The bridge between the abstract concept of distributional distance and the practical measure of statistical dependence is both direct and profound. As introduced, Mutual Information $I(X;Y)$ is formally defined as the KL Divergence between the true joint distribution $p(x,y)$ and the distribution that assumes independence, $p(x)p(y)$ .

I(X;Y) = D_{KL}( p(x,y) || p(x)p(y) )

This identity is not merely a mathematical convenience; it provides the deepest interpretation of what mutual information represents. Let us unpack this:

The "Reality": For any two variables $X$ and $Y$ , their true relationship is captured by their joint probability distribution, $p(x,y)$ . This is our ground truth.
The "Simplifying Assumption": A common baseline model is to assume the variables are independent, meaning $p(x,y) = p(x)p(y)$ . This model posits that there is no relationship between them.
The "Penalty": The KL Divergence, $D_{KL}(p(x,y) || p(x)p(y))$ , measures the "penalty" or "cost," in bits, of making this simplifying assumption. It quantifies how much our model of independence deviates from reality.

Therefore, Mutual Information is precisely the informational cost of incorrectly assuming that two variables are independent.

If the variables are truly independent, the cost is zero ( $I(X;Y) = 0$ ). If they are strongly dependent, the model of independence is a very poor approximation of reality, resulting in a high cost and thus a high mutual information value. This perspective anchors the entire methodology: we analyze complex systems by quantifying the informational penalty of making simplifying assumptions about their structure.
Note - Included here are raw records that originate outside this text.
(* Let $T$ be a $\pi$-increasing tree whose vertex-set $\mathcal{S}$ consists of two or more blocks of $\pi$; let $M$ be its maximum vertex and $m=\max(\mathcal{S}\setminus\pi^M)$ its second maximum vertex. (a) If $T$ is reducible, then $T$ can be written uniquely as $T=\mathrm{spl}(T_1,M;T_2,t)$ where $T_1,T_2$ are $\pi$-increasing trees such that $M$ is a vertex of $T_1$, $t$ is a vertex of $T_2$, and $T_1$ is irreducible. Moreover, if $1$ is a vertex of $T$, then $1$ is a vertex of $T_2$. (b) If $T$ is irreducible, then $T$ can be written uniquely as $T=\mathrm{spl}(T_1,m;T_2,t)$ where $T_1,T_2$ are $\pi$-increasing trees such that $m$ is a vertex of $T_1$, $t$ and $M$ are vertices of $T_2$ with $t<m$, and $T_1$ and $T_2$ are both irreducible.
   Context: Standing assumptions: $r\ge2$ and $\pi$ is a set partition of $\{1,\dots,r\}$ having $\{1\}$ as a block; its blocks are $\pi_i$ with maxima $\mu_i$; $\pi^x$ denotes the block containing $x$. An unordered increasing tree is a rooted tree on distinct positive integers, sons unordered, each son larger than its father. A $\pi$-increasing tree is an unordered increasing tree $T$ whose vertex-set is a union of blocks of $\pi$ and such that for any two elements $i<j$ of a same block of $\pi$ contained in $V(T)$, $i$ is an ancestor of $j$ in $T$. $v$-decomposition: for a vertex $v$ of $T$ with chain $a_1<\dots<a_\ell=v$ from the root to $v$, removing the chain edges leaves components $T^{(a_j)}$ rooted at $a_j$. Splice: for unordered increasing trees $T_1,T_2$ with disjoint vertex-sets and $v_1\in V(T_1)$, $v_2\in V(T_2)$, $v_1>v_2$, $\mathrm{spl}(T_1,v_1;T_2,v_2)$ is the tree on $V(T_1)\cup V(T_2)$ obtained by merging the root-to-$v_1$ chain of $T_1$ and the root-to-$v_2$ chain of $T_2$ into one increasing chain (ending at $v_1$) and attaching at each chain vertex its component from the $v_1$-decomposition of $T_1$ or the $v_2$-decomposition of $T_2$. $v$-dependence graph $G_v(T)$: directed graph on the blocks of $\pi$ contained in $V(T)$; for each such block $\pi_i$ whose maximum $\mu_i$ is not on the chain $a_1,\dots,a_\ell$, $\mu_i$ is a non-root vertex of a unique $T^{(a_j)}$ and there is an edge (possibly a loop) $\pi_i\to\pi^{a_j}$; no other edges. A $\pi$-increasing tree with maximum vertex $M$ is irreducible if $G_M(T)$ is connected (ignoring directions), reducible otherwise. *)

From HB Require Import structures.
From mathcomp Require Import all_boot.
Set Implicit Arguments. Unset Strict Implicit. Unset Printing Implicit Defensive.

(* Vertices are labels in {1,...,r}, living in 'I_r.+1 (the label 0 is never
   used: trees and blocks are required to avoid it). *)

Section PiTrees.
Variable r : nat.
Notation V := ('I_r.+1).

(* A rooted unordered tree on a vertex set tV, encoded by its parent map:
   the root is its own parent, and tpar is the identity off tV. *)
Record tree := Tree { tV : {set V}; tpar : {ffun V -> V} }.

Definition maxv (S : {set V}) : V := inord (\max_(i in S) (i : nat)).

Definition is_incr_tree (T : tree) : bool :=
  [&& tV T != set0,
      #|[set x in tV T | tpar T x == x]| == 1,
      [forall x in tV T, (tpar T x != x) ==> ((tpar T x \in tV T) && (tpar T x < x))]
    & [forall x in ~: tV T, tpar T x == x]].

Definition ancestor (T : tree) (a x : V) : bool := fconnect (tpar T) x a.

Definition pi_incr (P : {set {set V}}) (T : tree) : bool :=
  [&& is_incr_tree T,
      tV T \subset [set i : V | 0 < i],
      [forall B in P, (B \subset tV T) || [disjoint B & tV T]]
    & [forall B in P, (B \subset tV T) ==>
         [forall i in B, forall j in B, (i < j) ==> ancestor T i j]]].

Definition chain (T : tree) (v : V) : {set V} :=
  [set a in tV T | ancestor T a v].

(* the chain vertex a_j such that x lies in the component T^(a_j) of the
   v-decomposition: the deepest (= largest) chain vertex that is an ancestor of x *)
Definition anchor (T : tree) (v x : V) : V :=
  maxv (chain T v :&: [set a | ancestor T a x]).

Definition spl (T1 : tree) (v1 : V) (T2 : tree) (v2 : V) : tree :=
  let C := chain T1 v1 :|: chain T2 v2 in
  Tree (tV T1 :|: tV T2)
    [ffun x => if x \in C then
                 (if [exists c in C, c < x] then maxv [set c in C | c < x] else x)
               else if x \in tV T1 then tpar T1 x
               else if x \in tV T2 then tpar T2 x
               else x].

Definition blocks_in (P : {set {set V}}) (T : tree) : {set {set V}} :=
  [set B in P | B \subset tV T].

Definition dep_edge (P : {set {set V}}) (T : tree) (v : V) (B B' : {set V}) : bool :=
  [&& B \in blocks_in P T, B' \in blocks_in P T,
      maxv B \notin chain T v
    & B' == pblock P (anchor T v (maxv B))].

Definition dep_connected (P : {set {set V}}) (T : tree) (v : V) : bool :=
  [forall B in blocks_in P T, forall B' in blocks_in P T,
     connect [rel X Y | dep_edge P T v X Y || dep_edge P T v Y X] B B'].

Definition irreducible (P : {set {set V}}) (T : tree) : bool :=
  dep_connected P T (maxv (tV T)).

Definition reducible (P : {set {set V}}) (T : tree) : bool := ~~ irreducible P T.

End PiTrees.

From mathcomp Require Import all_boot zify.
Set Implicit Arguments. Unset Strict Implicit. Unset Printing Implicit Defensive.

(* In the dependence graph [G_v(T)] a block [B] has an out-edge only when [max B] is
   off the chain to [v], and it then points to the block of the anchor of [max B];
   anchors increase strictly along such edges, so every component of [G_v(T)]
   contains exactly one sink, a block whose maximum lies on the chain.  Let [T1] and
   [T2] be the restrictions of [T] to the blocks inside, resp. outside, the
   component of [pi^v], and [t] the deepest chain vertex of [T2]: then
   [T = spl(T1, v; T2, t)] with [G_v(T1)] connected, and conversely any such splice
   forces [V(T1)] to be that component, hence uniqueness.
   (a) is the case [v = M]; the root block [{1}] is a sink other than [pi^M], so
   [1] lies in [T2].
   (b) is the case [v = m].  The block of the deepest common ancestor [c] of [m] and
   [M] is a sink of [G_m(T)] other than [pi^m], and [pi^M] is linked to it, so [M]
   lies in [T2].  Contracting the component of [pi^m] to [pi^c] maps each edge of
   the connected graph [G_M(T)] to a path of [G_M(T2)], so [T2] is irreducible; [T1]
   is irreducible because its maximum is [m]. *)

Section Maxv.
Variable r : nat.
Notation V := ('I_r.+1).
Implicit Types (S D : {set V}) (x y : V).

Lemma leq_maxv S x : x \in S -> x <= maxv S.
Proof.
move=> xS; rewrite /maxv inordK; first exact: leq_bigmax_cond.
by apply/bigmax_leqP => i _; rewrite -ltnS.
Qed.

Lemma maxv_mem S x : x \in S -> maxv S \in S.
Proof.
move=> xS; have S_gt0 : 0 < #|S| by apply/card_gt0P; exists x.
case: (eq_bigmax_cond (fun i : V => (i : nat)) S_gt0) => i0 i0S e.
by rewrite /maxv e inord_val.
Qed.

Lemma maxv_eq S x : x \in S -> (forall y, y \in S -> y <= x) -> maxv S = x.
Proof.
move=> xS xmax; apply/val_inj/eqP; rewrite eqn_leq leq_maxv // andbT.
exact: xmax (maxv_mem xS).
Qed.

Lemma maxv_subset S D : D \subset S -> maxv S \in D -> maxv D = maxv S.
Proof.
move=> sDS mD; apply: maxv_eq => // y yD; apply: leq_maxv; exact: (subsetP sDS).
Qed.

Lemma eq_maxv S D : S =i D -> maxv S = maxv D.
Proof. by move=> eSD; congr maxv; apply/setP. Qed.

Lemma ord_ltn_ind (Q : V -> Prop) :
  (forall x, (forall y, y < x -> Q y) -> Q x) -> forall x, Q x.
Proof.
move=> IHQ x; suff: forall n (y : V), y < n -> Q y by apply; exact: (ltnSn x).
elim=> [|n IHn] y //; rewrite ltnS => le_yn; apply: IHQ => z lt_zy.
by apply: IHn; exact: leq_trans lt_zy le_yn.
Qed.

End Maxv.

(** * Ancestors, chains and anchors *)

Section Ancestor.
Variable r : nat.
Notation V := ('I_r.+1).
Implicit Types (T : tree r) (x y a b c v : V).

Lemma ancestorE T a x :
  ancestor T a x = (a == x) || ((tpar T x != x) && ancestor T a (tpar T x)).
Proof.
rewrite /ancestor; apply/idP/idP.
  move/connectP=> [p pth ->]; elim: p x pth => [|y p IHp] x /=; first by rewrite eqxx.
  move=> /andP[/eqP fx pth].
  case: (eqVneq (tpar T x) x) => [fxx|nfx] /=.
    have yx : y = x by rewrite -fx fxx.
    by subst y; rewrite fxx in pth; move: (IHp x pth); rewrite fxx eqxx.
  rewrite orbC; apply/orP; left; apply/connectP; exists p => //; by rewrite fx.
case/orP=> [/eqP->|/andP[_ h]]; first exact: connect0.
by apply: connect_trans h; apply: connect1 => /=.
Qed.

Lemma ancestor_refl T x : ancestor T x x.
Proof. by rewrite ancestorE eqxx. Qed.

Lemma ancestor_trans T a b c : ancestor T a b -> ancestor T b c -> ancestor T a c.
Proof. by move=> ab bc; exact: connect_trans bc ab. Qed.

Lemma ancestor_tpar T x : ancestor T (tpar T x) x.
Proof. by rewrite ancestorE; case: eqVneq => //= _; exact: ancestor_refl. Qed.

Lemma ancestor_tpar_neq T a x : ancestor T a x -> a != x -> ancestor T a (tpar T x).
Proof. by rewrite ancestorE => /orP[/eqP->|/andP[]//]; rewrite eqxx. Qed.

Section IncreasingTree.
Variable T : tree r.
Hypothesis incT : is_incr_tree T.

Lemma tpar_notin x : x \notin tV T -> tpar T x = x.
Proof.
by case/and4P: incT => _ _ _ /forallP/(_ x); rewrite in_setC => /implyP h /h/eqP.
Qed.

Lemma tpar_in x : x \in tV T -> tpar T x != x -> (tpar T x \in tV T) && (tpar T x < x).
Proof. by case/and4P: incT => _ _ /forall_inP/(_ x) h _ /h/implyP. Qed.

Lemma tpar_lt x : tpar T x != x -> tpar T x < x.
Proof.
move=> nfx; case: (boolP (x \in tV T)) => xV; first by case/andP: (tpar_in xV nfx).
by move: nfx; rewrite tpar_notin ?eqxx.
Qed.

Lemma tpar_mem x : x \in tV T -> tpar T x \in tV T.
Proof.
by move=> xV; case: (eqVneq (tpar T x) x) => [->//|nfx]; case/andP: (tpar_in xV nfx).
Qed.

Lemma ancestor_leq a x : ancestor T a x -> a <= x.
Proof.
elim/ord_ltn_ind: x => x IHx.
rewrite ancestorE => /orP[/eqP->//|/andP[nfx ax]].
exact: leq_trans (IHx _ (tpar_lt nfx) ax) (ltnW (tpar_lt nfx)).
Qed.

Lemma ancestor_mem a x : ancestor T a x -> x \in tV T -> a \in tV T.
Proof.
elim/ord_ltn_ind: x => x IHx.
rewrite ancestorE => /orP[/eqP->//|/andP[nfx ax]] xV.
by apply: (IHx _ (tpar_lt nfx)) => //; exact: tpar_mem.
Qed.

Lemma ancestor_total a b x :
  ancestor T a x -> ancestor T b x -> ancestor T a b || ancestor T b a.
Proof.
elim/ord_ltn_ind: x => x IHx.
rewrite (ancestorE _ a) => /orP[/eqP->|/andP[nfx ax]]; first by move=> ->; rewrite orbT.
rewrite ancestorE => /orP[/eqP->|/andP[_ bx]].
  by rewrite (ancestor_trans ax (ancestor_tpar _ _)).
exact: IHx (tpar_lt nfx) ax bx.
Qed.

Lemma ancestor_total_leq a b x :
  ancestor T a x -> ancestor T b x -> a <= b -> ancestor T a b.
Proof.
move=> ax bx le_ab; case/orP: (ancestor_total ax bx) => // ba.
have -> : a = b by apply/val_inj/eqP; rewrite eqn_leq le_ab (ancestor_leq ba).
exact: ancestor_refl.
Qed.

Lemma root_unique : exists x0, [/\ x0 \in tV T, tpar T x0 = x0 &
   forall x, x \in tV T -> tpar T x = x -> x = x0].
Proof.
case/and4P: incT => _ /cards1P[x0 e_roots] _ _.
have : x0 \in [set x in tV T | tpar T x == x] by rewrite e_roots set11.
rewrite inE => /andP[x0V /eqP fx0]; exists x0; split => // x xV fx.
by apply/set1P; rewrite -e_roots inE xV fx eqxx.
Qed.

Lemma root_ancestor x0 x :
  x0 \in tV T -> tpar T x0 = x0 -> x \in tV T -> ancestor T x0 x.
Proof.
move=> x0V fx0; case: root_unique => y0 [_ _ root_eq].
rewrite (root_eq _ x0V fx0); elim/ord_ltn_ind: x => x IHx xV.
case: (eqVneq (tpar T x) x) => [fx|nfx]; first by rewrite -(root_eq _ xV fx) ancestor_refl.
apply: ancestor_trans (ancestor_tpar _ _).
by apply: IHx; [exact: tpar_lt | exact: tpar_mem].
Qed.

End IncreasingTree.
End Ancestor.

Section Chains.
Variable r : nat.
Notation V := ('I_r.+1).
Implicit Types (D W : {set V}) (T U : tree r) (x y a b c v : V).

(* The parent map of [spl] on the merged chain. *)
Definition below D x : V :=
  if [exists c in D, c < x] then maxv [set c in D | c < x] else x.

Lemma belowP D x : [exists c in D, c < x] ->
  [/\ below D x \in D, below D x < x & forall c, c \in D -> c < x -> c <= below D x].
Proof.
move=> exD; rewrite /below exD; case/exists_inP: exD => c0 c0D lt_c0x.
have c0_below : c0 \in [set c in D | c < x] by rewrite inE c0D.
have := maxv_mem c0_below; rewrite inE => /andP[-> ->]; split => // c cD lt_cx.
by apply: leq_maxv; rewrite inE cD.
Qed.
2.3 Pointwise or Local Mutual Information: From Averages to Events

While Mutual Information $I(X;Y)$ provides a powerful summary of the average relationship between two variables, data analysis often requires drilling down to understand specific events. Pointwise Mutual Information (PMI), denoted $i(x;y)$ , is the tool for this fine-grained analysis.

PMI measures the reduction in surprise about a single, specific outcome $x$ upon observing a single, specific outcome $y$ . It moves the analysis from the level of variables $(X, Y)$ to the level of individual events $(x, y)$ . Its formulas mirror those of its averaged counterpart:

i(x;y) = h(x) - h(x|y) = log_2( \frac {p(x|y)} {p(x)} )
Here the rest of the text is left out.